::: Data :::

Definition sum3 (F : 'I_2 -> 'I_2 -> 'I_2 -> nat) : nat :=
  \sum_(x : 'I_2) \sum_(y : 'I_2) \sum_(e : 'I_2) F x y e.

Lemma leq_sum3 (F G : 'I_2 -> 'I_2 -> 'I_2 -> nat) :
  (forall x y e, F x y e <= G x y e) -> sum3 F <= sum3 G.
Proof. by move=> FG; do 3!apply: leq_sum => ? _. Qed.

Lemma sum3D (F G : 'I_2 -> 'I_2 -> 'I_2 -> nat) :
  sum3 (fun x y e => F x y e + G x y e) = sum3 F + sum3 G.
Proof.
rewrite /sum3 -big_split; apply: eq_bigr => x _.
by rewrite -big_split; apply: eq_bigr => y _; rewrite big_split.
Qed.

Lemma sum3Mr (a : nat) (F : 'I_2 -> 'I_2 -> 'I_2 -> nat) :
  a * sum3 F = sum3 (fun x y e => a * F x y e).
Proof.
rewrite /sum3 big_distrr; apply: eq_bigr => x _.
by rewrite big_distrr; apply: eq_bigr => y _; rewrite big_distrr.
Qed.

Lemma sum3_const (a : nat) : sum3 (fun _ _ _ => a) = 8 * a.
Proof. by rewrite /sum3 !sum_I2; lia. Qed.

Lemma card_words_pred c (P : ('I_3 -> seq 'I_2) -> bool) :
  #|[set f : words_of_lengths 2 [:: 1; 2; c] | P (as_words f)]| =
  sum3 (fun x y e => \sum_(w : c.-tuple 'I_2) P (code3 x y e w)).
Proof.
rewrite /sum3 -sum1_card big_mkcond (reindex (@config_words c)) /=; last first.
  exact/onW_bij/config_words_bij.
rewrite !pair_big; apply: eq_bigr => p _.
by rewrite inE config_wordsE; case: P.
Qed.

(* For |w| >= 3 the prefix condition only involves the first two letters of w:
   given x <> y, w must start with y followed by the letter other than e. *)
Lemma prefix3_count k (x y e : 'I_2) :
  \sum_(w : k.+3.-tuple 'I_2) [&& x != y, ~~ prefix [:: x] w & ~~ prefix [:: y; e] w] =
  (x != y) * 2 ^ k.+1.
Proof.
have tail_free z1 z2 : \sum_(r : k.+1.-tuple 'I_2)
    [&& x != y, ~~ prefix [:: x] [:: z1, z2 & r] & ~~ prefix [:: y; e] [:: z1, z2 & r]] =
    [&& x != y, x != z1 & ~~ ((y == z1) && (e == z2))] * 2 ^ k.+1.
  under eq_bigr => r _ do rewrite !prefix_cons !prefix0s !andbT.
  by rewrite sum_nat_const card_tuple card_ord mulnC.
rewrite sum_tuple_cons (eq_bigr _ (fun z1 _ =>
  etrans (sum_tuple_cons _) (eq_bigr _ (fun z2 _ => tail_free z1 z2)))).
rewrite !sum_I2.
by case: (I2_cases x) (I2_cases y) (I2_cases e) => -> [] -> [] ->; rewrite /= ?muln0 ?addn0.
Qed.

Lemma card_PR k : #|PR 2 [:: 1; 2; k.+3]| = 2 ^ k.+3.
Proof.
have w3 (w : k.+3.-tuple 'I_2) : 2 < size w by rewrite size_tuple.
rewrite /PR (card_words_pred _ (fun v => `[< is_code v >] && `[< is_prefix_code v >])) /sum3.
under eq_bigr => x _ do under eq_bigr => y _ do under eq_bigr => e _ do
  under eq_bigr => w _ do rewrite (code3_prefix_codeE x y e (w3 w)).
under eq_bigr => x _ do under eq_bigr => y _ do under eq_bigr => e _ do
  rewrite prefix3_count.
by rewrite !sum_I2 /= !expnS; lia.
Qed.

Definition codes3 c (x y e : 'I_2) : nat :=
  \sum_(w : c.-tuple 'I_2) (`[< is_code (code3 x y e w) >] : nat).

Lemma card_UD c : #|UD 2 [:: 1; 2; c]| = sum3 (codes3 c).
Proof. exact: (card_words_pred c (fun v => `[< is_code v >])). Qed.

Definition degenerate (x y e : 'I_2) : bool := (y == x) && (e == x).

Lemma sum3_nondegenerate (a : nat) : sum3 (fun x y e => ~~ degenerate x y e * a) = 6 * a.
Proof. by rewrite /sum3 !sum_I2 /=; lia. Qed.

(* Upper bound on the number of non-codes for a non-degenerate triple, given by
   the synchronization criterion (read w directly if y <> x, reversed if y = x). *)
Definition defect c (x y e : 'I_2) : nat :=
  unscannable x (if y == x then x else e) false c.

Lemma card_le_sum_cover (T : finType) (P Q : pred T) :
  (forall t, ~~ Q t -> P t) -> #|T| <= \sum_(t : T) P t + \sum_(t : T) Q t.
Proof.
move=> QP; rewrite -big_split -sum1_card; apply: leq_sum => t _.
by case: (Q t) (QP t) => [_|/(_ isT) ->]; rewrite /= ?addn1.
Qed.

Lemma codes3_le c x y e : codes3 c x y e <= ~~ degenerate x y e * 2 ^ c.
Proof.
rewrite /codes3 /degenerate; case: eqP => [->|_]; first case: eqP => [->|_].
- by rewrite big1 // => w _; case: asboolP => // /code3_not_code.
all: rewrite mul1n -card_binary_tuples -sum1_card.
all: by apply: leq_sum => w _; case: asboolP.
Qed.

Lemma codes3_ge c x y e :
  ~~ degenerate x y e * 2 ^ c <= codes3 c x y e + defect c x y e.
Proof.
rewrite /codes3 /degenerate /defect -card_binary_tuples.
case: eqP => [->|/eqP yx]; first case: eqP => [->|/eqP ex] //.
- rewrite mul1n -unscannable_rev; apply: card_le_sum_cover => w.
  case E: (scan x x false (rev w)) => [k|] // _.
  by apply/asboolP; exact: code3_is_code_rev ex E.
- rewrite mul1n; apply: card_le_sum_cover => w.
  case E: (scan x e false w) => [k|] // _.
  by apply/asboolP; exact: code3_is_code_scan yx E.
Qed.

Definition total_defect c : nat := sum3 (defect c).

Lemma card_UD_bounds c :
  #|UD 2 [:: 1; 2; c]| <= 6 * 2 ^ c <= #|UD 2 [:: 1; 2; c]| + total_defect c.
Proof.
rewrite card_UD /total_defect -sum3_nondegenerate -sum3D.
by apply/andP; split; apply: leq_sum3 => x y e; [exact: codes3_le | exact: codes3_ge].
Qed.

Lemma total_defect_bound c : 4 ^ c * total_defect c <= 16 * 7 ^ c.
Proof.
rewrite sum3Mr (_ : 16 * 7 ^ c = 8 * (2 * 7 ^ c)); last by rewrite mulnA.
rewrite -sum3_const.
by apply: leq_sum3 => x y e; exact: unscannable_bound.
Qed.

Lemma card_PR_le_UD n L : #|PR n L| <= #|UD n L|.
Proof. by apply/subset_leq_card/fintype.subsetP => f; rewrite !inE => /andP[/asboolP]. Qed.

Local Open Scope classical_set_scope.
Local Open Scope ring_scope.

Lemma ratio_squeeze (R : realFieldType) (p U D : R) :
  0 < p -> p <= U -> U <= 6 * p -> 6 * p <= U + D -> 6^-1 <= p / U <= 6^-1 + D / p.
Proof.
move=> p0 pU U6p Dlow; have U0 : 0 < U by exact: lt_le_trans pU.
apply/andP; split; first by rewrite ler_pdivlMr //; lra.
have D0 : 0 <= D by lra.
have DUp : D <= D * (U / p) by rewrite ler_peMr // ler_pdivlMr // mul1r.
by rewrite ler_pdivrMr // mulrDl mulrAC -mulrA; lra.
Qed.

Lemma defect_ratio (R : realFieldType) c :
  (total_defect c)%:R / (2 ^ c)%:R <= 16 * (7 / 8) ^+ c :> R.
Proof.
have p0 : (0 : R) < (2 ^ c)%:R by rewrite ltr0n expn_gt0.
have q0 : (0 : R) < (4 ^ c)%:R by rewrite ltr0n expn_gt0.
rewrite ler_pdivrMr // -(ler_pM2l q0).
have -> : (4 ^ c)%:R * (16 * (7 / 8) ^+ c * (2 ^ c)%:R) = (16 * 7 ^ c)%N%:R :> R.
  have seven : (4 * (7 / 8) * 2 : R) = 7 by lra.
  by rewrite natrM !natrX -[X in _ = _ * X ^+ _]seven !exprMn; ring.
by rewrite -natrM ler_nat total_defect_bound.
Qed.

Lemma rho_bounds (R : realFieldType) k :
  6^-1 <= rho R 2 [:: 1%N; 2%N; k.+3] <= 6^-1 + 16 * (7 / 8) ^+ k.+3.
Proof.
have /andP[UD_le UD_ge] := card_UD_bounds k.+3.
have := card_PR_le_UD 2 [:: 1%N; 2%N; k.+3]; rewrite card_PR => PR_le.
have /andP[-> rho_le] : 6^-1 <= rho R 2 [:: 1%N; 2%N; k.+3] <=
    6^-1 + (total_defect k.+3)%:R / (2 ^ k.+3)%:R.
  rewrite /rho card_PR; apply: ratio_squeeze; rewrite ?ltr0n ?expn_gt0 //.
  - by rewrite ler_nat.
  - by rewrite -natrM ler_nat.
  - by rewrite -natrM -natrD ler_nat.
by apply: (le_trans rho_le); rewrite lerD2l defect_ratio.
Qed.

Theorem theorem6 (R : realType) :
  rho R 2 [:: 1%N; 2%N; c] @[c --> \oo] --> ((6%:R : R)^-1).
Proof.
apply: (@squeeze_cvgr _ _ _ _ (cst 6^-1) (fun c => 6^-1 + 16 * (7 / 8) ^+ c)).
- near=> c; have c3 : (3 <= c)%N by near: c; exact: nbhs_infty_ge.
  by rewrite -(subnK c3) addn3; exact: rho_bounds.
- exact: cvg_cst.
- rewrite -[X in _ --> X]addr0; apply: cvgD; first exact: cvg_cst.
  rewrite -(mulr0 16); apply: cvgM; first exact: cvg_cst.
  apply: cvg_expr; by rewrite ger0_norm ?divr_ge0 // ltr_pdivrMr // mul1r ltr_nat.
Unshelve. all: by end_near.
Qed.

:::

● **Your instructions**
Filter the records above and return every line that holds the word "seven".

● **Answer to this task**
  have seven : (4 * (7 / 8) * 2 : R) = 7 by lra.
  by rewrite natrM !natrX -[X in _ = _ * X ^+ _]seven !exprMn; ring.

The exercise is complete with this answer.